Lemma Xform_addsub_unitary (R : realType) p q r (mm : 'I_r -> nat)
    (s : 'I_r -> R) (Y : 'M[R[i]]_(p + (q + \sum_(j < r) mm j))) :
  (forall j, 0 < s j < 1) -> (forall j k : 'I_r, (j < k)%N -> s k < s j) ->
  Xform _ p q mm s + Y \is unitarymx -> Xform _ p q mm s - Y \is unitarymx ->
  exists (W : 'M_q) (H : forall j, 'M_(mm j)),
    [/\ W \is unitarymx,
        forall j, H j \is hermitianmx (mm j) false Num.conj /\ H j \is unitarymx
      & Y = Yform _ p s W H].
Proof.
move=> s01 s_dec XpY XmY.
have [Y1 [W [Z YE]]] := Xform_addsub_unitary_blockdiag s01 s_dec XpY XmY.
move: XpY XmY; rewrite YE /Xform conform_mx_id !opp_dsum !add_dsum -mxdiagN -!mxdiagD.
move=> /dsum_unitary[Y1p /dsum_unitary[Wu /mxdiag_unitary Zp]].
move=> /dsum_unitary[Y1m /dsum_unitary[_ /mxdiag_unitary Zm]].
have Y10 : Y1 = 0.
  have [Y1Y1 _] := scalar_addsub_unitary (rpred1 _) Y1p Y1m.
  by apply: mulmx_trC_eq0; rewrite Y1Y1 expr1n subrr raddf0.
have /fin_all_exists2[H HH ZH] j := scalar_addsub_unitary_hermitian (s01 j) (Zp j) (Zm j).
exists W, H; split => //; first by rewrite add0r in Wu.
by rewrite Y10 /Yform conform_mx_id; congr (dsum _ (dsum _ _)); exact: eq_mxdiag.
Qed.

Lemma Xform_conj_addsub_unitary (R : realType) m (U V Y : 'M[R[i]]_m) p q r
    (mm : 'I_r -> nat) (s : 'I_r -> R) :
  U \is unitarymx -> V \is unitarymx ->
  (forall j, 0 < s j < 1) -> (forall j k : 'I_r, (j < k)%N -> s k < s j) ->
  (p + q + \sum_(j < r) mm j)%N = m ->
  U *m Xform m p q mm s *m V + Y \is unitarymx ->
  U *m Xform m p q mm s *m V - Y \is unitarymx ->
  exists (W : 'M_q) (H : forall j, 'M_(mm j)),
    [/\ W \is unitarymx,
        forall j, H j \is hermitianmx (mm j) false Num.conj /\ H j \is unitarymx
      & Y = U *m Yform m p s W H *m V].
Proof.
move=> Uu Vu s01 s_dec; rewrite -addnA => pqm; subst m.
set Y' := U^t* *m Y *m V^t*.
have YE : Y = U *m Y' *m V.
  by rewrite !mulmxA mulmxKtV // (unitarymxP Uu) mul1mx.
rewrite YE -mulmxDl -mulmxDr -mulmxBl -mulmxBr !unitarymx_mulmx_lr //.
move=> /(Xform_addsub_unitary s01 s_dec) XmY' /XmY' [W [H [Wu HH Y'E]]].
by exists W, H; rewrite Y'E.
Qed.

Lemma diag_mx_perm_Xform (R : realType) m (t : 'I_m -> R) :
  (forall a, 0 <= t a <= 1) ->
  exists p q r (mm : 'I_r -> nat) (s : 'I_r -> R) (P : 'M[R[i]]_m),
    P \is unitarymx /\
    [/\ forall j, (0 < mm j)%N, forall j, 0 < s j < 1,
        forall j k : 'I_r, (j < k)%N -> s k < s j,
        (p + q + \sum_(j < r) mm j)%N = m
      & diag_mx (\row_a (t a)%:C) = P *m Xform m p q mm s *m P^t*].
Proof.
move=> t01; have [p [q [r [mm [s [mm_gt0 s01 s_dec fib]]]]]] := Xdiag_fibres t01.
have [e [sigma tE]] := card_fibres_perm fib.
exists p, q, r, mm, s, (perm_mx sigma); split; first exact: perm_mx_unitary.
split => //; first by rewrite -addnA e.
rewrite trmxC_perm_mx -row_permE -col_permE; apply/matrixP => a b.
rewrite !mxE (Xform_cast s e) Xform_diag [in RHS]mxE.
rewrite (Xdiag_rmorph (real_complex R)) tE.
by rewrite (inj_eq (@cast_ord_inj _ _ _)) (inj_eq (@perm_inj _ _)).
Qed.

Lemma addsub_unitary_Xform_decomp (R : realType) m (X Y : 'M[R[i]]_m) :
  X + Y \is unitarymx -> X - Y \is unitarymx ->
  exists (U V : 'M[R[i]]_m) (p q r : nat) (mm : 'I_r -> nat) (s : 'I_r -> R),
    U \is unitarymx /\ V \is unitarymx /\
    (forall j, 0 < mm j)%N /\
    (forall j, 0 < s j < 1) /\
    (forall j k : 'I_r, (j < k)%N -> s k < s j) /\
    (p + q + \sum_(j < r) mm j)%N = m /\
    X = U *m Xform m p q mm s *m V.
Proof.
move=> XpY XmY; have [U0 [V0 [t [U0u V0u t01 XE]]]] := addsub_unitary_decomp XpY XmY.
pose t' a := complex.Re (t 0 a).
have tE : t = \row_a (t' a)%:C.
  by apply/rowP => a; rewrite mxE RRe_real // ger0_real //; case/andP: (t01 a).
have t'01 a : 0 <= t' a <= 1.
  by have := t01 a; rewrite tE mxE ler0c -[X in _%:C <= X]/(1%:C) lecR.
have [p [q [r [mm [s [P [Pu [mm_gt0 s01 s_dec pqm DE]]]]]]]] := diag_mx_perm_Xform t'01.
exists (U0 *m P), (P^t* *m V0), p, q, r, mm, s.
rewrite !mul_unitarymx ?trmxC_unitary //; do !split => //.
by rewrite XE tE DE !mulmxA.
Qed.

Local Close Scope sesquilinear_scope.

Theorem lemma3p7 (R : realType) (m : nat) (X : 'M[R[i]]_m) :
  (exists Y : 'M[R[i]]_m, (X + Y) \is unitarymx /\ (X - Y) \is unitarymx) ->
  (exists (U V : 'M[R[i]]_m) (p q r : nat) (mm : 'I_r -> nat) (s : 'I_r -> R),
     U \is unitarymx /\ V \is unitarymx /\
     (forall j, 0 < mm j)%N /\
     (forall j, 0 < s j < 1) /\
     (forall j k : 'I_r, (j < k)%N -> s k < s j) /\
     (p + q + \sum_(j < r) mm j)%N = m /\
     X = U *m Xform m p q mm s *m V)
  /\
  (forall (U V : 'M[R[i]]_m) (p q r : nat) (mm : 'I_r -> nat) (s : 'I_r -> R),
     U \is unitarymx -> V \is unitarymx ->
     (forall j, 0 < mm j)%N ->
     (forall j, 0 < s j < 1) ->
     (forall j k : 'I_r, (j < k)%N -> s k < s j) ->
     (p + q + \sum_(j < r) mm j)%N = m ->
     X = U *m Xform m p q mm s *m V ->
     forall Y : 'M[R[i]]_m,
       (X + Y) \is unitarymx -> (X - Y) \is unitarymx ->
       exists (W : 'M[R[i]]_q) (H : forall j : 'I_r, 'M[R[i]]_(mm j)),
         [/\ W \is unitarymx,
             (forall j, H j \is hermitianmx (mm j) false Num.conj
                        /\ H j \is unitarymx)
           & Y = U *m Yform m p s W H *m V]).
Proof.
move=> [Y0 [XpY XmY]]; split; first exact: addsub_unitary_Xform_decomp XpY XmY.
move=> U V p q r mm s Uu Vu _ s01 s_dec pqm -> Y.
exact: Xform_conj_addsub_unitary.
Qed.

++++++++++

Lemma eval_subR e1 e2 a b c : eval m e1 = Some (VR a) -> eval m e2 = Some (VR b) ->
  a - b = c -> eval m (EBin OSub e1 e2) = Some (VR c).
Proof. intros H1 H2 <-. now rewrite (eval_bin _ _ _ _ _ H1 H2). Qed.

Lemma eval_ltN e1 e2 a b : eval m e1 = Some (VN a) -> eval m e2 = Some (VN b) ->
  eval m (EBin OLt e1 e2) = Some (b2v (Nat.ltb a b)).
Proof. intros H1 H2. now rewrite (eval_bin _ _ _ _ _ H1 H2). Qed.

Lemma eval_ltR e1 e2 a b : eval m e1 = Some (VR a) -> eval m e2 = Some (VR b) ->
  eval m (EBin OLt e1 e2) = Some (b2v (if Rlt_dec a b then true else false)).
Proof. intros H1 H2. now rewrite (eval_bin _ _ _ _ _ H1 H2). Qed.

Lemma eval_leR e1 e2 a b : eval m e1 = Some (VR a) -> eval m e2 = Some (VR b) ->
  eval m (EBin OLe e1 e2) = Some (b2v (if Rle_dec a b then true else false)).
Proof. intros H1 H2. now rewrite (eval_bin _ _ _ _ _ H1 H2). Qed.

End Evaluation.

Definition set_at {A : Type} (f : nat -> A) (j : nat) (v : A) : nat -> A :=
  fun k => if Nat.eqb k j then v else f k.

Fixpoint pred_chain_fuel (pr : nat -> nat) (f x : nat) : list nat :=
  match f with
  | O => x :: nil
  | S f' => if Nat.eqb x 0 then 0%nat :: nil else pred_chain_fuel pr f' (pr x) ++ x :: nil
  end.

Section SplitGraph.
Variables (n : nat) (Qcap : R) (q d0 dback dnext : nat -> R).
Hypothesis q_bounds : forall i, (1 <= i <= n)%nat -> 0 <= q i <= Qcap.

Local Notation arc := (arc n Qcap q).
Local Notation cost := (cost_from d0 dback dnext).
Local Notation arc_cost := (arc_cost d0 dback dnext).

++++++++++

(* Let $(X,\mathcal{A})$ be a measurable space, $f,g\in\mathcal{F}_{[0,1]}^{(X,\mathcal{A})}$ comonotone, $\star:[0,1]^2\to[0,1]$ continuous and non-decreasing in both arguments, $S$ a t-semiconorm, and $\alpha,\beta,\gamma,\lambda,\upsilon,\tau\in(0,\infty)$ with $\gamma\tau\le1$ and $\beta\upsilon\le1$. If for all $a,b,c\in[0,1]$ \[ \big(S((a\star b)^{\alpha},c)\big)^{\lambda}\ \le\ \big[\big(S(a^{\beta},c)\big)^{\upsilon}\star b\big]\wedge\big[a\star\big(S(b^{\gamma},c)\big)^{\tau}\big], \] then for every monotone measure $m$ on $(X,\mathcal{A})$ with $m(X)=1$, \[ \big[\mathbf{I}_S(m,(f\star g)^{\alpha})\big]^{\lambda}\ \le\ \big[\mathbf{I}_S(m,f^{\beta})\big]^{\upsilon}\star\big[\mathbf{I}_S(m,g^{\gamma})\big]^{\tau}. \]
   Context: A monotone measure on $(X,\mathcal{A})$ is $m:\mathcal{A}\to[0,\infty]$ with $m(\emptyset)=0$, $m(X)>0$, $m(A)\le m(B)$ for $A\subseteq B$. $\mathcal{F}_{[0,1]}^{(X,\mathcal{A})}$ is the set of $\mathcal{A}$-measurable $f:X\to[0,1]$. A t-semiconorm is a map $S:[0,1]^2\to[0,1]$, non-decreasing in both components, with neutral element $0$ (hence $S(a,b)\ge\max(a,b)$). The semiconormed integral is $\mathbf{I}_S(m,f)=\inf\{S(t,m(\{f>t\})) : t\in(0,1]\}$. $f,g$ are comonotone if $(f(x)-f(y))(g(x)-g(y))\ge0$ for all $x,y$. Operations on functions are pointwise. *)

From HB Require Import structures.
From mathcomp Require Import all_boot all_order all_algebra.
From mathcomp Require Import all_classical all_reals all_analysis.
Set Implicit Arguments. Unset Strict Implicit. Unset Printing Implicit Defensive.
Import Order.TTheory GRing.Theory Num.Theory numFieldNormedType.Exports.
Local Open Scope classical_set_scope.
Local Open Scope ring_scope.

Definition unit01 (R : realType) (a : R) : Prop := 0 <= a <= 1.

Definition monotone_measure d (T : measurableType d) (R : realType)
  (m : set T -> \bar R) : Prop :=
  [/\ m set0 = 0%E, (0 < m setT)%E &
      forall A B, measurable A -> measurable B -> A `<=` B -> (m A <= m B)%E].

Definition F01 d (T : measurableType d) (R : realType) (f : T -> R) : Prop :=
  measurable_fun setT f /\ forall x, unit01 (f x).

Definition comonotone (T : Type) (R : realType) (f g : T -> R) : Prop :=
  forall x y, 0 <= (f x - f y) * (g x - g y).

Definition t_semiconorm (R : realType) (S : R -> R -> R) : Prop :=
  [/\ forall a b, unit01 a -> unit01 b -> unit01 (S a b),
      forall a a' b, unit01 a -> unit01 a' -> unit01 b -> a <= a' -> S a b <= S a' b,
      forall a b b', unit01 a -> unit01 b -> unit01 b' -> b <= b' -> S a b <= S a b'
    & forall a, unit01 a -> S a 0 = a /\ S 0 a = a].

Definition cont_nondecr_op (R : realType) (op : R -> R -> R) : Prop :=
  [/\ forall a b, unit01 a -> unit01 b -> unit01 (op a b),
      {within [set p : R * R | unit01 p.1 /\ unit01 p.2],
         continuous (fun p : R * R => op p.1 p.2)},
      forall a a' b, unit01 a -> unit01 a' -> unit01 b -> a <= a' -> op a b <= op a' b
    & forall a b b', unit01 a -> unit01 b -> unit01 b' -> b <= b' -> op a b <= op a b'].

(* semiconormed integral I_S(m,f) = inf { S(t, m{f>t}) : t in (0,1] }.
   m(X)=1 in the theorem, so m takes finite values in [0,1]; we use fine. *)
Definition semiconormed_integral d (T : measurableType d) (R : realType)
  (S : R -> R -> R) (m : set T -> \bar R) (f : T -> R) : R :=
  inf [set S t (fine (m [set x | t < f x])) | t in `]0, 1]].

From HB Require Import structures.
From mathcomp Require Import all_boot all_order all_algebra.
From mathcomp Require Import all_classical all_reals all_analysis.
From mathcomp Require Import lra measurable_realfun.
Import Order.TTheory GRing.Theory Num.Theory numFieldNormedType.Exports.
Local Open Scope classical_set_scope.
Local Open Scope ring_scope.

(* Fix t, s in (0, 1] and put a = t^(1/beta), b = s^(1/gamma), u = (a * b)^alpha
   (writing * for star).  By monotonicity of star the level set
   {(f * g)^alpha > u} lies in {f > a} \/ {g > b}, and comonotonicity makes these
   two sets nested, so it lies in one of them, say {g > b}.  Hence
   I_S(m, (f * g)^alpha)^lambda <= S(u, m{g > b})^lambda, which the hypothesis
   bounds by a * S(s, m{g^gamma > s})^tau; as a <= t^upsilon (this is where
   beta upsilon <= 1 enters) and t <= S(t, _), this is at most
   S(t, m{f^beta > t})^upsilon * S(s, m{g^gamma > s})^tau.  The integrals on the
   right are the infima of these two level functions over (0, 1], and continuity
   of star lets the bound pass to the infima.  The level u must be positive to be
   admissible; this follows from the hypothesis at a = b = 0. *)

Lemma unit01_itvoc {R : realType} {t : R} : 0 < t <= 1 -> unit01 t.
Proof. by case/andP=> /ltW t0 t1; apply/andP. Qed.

++++++++++

WHAT TO DO: Of the entries above, transcribe exactly those lines that fall between the line containing "have [p [q [r [mm [s [P" and the line containing "Local Close Scope sesquilinear_scope.", together with those two lines.

PROBLEM SOLUTION:
have [p [q [r [mm [s [P [Pu [mm_gt0 s01 s_dec pqm DE]]]]]]]] := diag_mx_perm_Xform t'01.
exists (U0 *m P), (P^t* *m V0), p, q, r, mm, s.
rewrite !mul_unitarymx ?trmxC_unitary //; do !split => //.
by rewrite XE tE DE !mulmxA.
Qed.

Local Close Scope sesquilinear_scope.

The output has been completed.